> **Problem requirements**:
Nothing is needed except the lines below that run from the one with "Lemma projection_nsq_le n" through the one with "set (p := P x) in *.", repeated exactly.
↓
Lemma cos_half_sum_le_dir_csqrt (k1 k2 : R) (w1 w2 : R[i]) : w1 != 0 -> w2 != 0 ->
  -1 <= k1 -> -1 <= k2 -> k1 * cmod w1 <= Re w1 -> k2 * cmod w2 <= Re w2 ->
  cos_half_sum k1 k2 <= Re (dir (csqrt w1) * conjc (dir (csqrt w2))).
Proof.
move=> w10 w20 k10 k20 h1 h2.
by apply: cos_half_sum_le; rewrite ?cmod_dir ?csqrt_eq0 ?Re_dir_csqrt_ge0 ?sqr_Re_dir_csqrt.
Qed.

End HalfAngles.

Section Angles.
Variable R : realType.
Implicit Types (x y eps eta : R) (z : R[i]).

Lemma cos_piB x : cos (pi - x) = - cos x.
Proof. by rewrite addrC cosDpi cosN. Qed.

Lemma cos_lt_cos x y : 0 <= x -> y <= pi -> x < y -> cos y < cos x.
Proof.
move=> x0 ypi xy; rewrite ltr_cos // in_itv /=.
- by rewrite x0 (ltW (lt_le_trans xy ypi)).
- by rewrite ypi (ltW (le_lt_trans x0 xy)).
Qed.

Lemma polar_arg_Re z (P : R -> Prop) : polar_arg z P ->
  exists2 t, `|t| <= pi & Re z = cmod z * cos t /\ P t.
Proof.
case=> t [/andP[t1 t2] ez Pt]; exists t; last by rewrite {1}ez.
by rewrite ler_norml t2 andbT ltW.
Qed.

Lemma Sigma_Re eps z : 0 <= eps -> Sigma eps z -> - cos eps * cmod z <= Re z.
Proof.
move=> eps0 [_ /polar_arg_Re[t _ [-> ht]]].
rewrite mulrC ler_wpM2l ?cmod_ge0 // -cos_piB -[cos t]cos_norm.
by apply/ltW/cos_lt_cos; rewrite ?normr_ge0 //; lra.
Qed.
↑
↓
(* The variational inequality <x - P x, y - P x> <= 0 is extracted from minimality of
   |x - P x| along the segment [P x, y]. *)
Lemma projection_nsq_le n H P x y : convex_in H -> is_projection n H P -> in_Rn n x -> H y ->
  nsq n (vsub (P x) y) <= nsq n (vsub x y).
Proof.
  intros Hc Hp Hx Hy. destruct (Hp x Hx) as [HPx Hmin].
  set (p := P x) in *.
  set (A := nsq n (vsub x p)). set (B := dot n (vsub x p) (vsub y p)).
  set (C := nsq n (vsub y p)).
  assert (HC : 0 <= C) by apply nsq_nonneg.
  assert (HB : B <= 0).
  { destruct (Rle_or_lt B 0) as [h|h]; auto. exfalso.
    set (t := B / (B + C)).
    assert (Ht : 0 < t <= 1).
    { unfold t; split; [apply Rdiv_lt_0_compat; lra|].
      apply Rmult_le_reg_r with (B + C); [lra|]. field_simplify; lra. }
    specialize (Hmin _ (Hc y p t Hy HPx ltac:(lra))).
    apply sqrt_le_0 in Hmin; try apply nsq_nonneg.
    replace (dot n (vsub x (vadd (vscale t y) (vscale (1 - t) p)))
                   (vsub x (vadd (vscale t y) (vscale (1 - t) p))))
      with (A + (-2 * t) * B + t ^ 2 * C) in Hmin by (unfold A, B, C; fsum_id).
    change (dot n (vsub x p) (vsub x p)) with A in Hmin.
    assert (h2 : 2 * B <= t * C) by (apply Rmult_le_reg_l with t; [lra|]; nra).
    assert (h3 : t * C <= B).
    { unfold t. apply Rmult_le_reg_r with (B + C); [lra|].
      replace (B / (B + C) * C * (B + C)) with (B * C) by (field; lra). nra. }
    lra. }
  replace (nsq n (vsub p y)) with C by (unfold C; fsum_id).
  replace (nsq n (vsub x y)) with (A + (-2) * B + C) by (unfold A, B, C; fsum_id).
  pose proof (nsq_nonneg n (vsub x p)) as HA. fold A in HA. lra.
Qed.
↑
↓
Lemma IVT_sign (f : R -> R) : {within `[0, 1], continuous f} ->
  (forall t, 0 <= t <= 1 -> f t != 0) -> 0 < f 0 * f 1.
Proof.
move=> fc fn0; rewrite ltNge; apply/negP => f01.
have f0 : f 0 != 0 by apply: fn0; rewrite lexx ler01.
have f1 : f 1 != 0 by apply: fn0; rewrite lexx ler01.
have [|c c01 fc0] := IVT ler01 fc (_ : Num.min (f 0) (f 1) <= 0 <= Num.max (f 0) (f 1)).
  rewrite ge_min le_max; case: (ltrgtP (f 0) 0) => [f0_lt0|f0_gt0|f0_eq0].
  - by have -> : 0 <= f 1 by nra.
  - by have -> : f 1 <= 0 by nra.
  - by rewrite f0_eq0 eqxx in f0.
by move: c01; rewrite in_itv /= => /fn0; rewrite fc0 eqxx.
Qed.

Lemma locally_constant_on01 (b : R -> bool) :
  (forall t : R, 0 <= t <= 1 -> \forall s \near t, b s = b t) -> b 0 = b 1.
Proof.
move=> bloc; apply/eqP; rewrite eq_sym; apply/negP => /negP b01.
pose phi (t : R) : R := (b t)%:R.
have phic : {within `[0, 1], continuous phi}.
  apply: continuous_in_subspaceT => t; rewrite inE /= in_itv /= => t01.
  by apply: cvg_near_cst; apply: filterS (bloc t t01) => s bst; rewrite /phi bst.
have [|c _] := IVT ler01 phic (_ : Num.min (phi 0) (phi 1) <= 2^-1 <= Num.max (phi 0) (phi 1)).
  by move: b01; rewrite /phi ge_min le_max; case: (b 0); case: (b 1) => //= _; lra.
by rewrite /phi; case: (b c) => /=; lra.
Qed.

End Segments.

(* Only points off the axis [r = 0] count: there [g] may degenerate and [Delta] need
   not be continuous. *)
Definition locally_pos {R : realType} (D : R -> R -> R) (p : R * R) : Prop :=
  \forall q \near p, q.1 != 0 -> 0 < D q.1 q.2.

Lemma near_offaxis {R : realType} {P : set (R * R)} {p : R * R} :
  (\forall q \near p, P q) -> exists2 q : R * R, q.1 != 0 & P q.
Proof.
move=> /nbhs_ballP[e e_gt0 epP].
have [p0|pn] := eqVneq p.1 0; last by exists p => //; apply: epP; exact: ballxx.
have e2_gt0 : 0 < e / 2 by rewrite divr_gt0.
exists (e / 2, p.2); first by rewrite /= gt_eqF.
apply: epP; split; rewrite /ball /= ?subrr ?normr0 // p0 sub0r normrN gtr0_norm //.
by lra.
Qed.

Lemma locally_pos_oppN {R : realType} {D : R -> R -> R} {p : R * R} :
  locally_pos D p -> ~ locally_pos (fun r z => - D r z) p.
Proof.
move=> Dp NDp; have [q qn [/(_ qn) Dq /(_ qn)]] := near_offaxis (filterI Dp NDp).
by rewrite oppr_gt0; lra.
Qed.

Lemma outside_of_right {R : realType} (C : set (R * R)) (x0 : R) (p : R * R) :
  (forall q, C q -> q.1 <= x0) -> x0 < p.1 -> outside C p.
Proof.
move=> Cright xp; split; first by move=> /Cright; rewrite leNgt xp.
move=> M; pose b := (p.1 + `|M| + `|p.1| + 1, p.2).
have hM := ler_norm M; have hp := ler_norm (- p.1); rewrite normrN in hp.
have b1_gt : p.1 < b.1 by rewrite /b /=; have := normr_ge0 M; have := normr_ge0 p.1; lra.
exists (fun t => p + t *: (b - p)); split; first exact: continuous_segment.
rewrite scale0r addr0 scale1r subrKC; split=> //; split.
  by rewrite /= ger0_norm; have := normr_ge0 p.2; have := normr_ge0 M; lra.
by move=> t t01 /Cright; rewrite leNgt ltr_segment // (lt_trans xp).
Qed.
↑
> **Answer to the problem**:
Lemma projection_nsq_le n H P x y : convex_in H -> is_projection n H P -> in_Rn n x -> H y ->
  nsq n (vsub (P x) y) <= nsq n (vsub x y).
Proof.
  intros Hc Hp Hx Hy. destruct (Hp x Hx) as [HPx Hmin].
  set (p := P x) in *.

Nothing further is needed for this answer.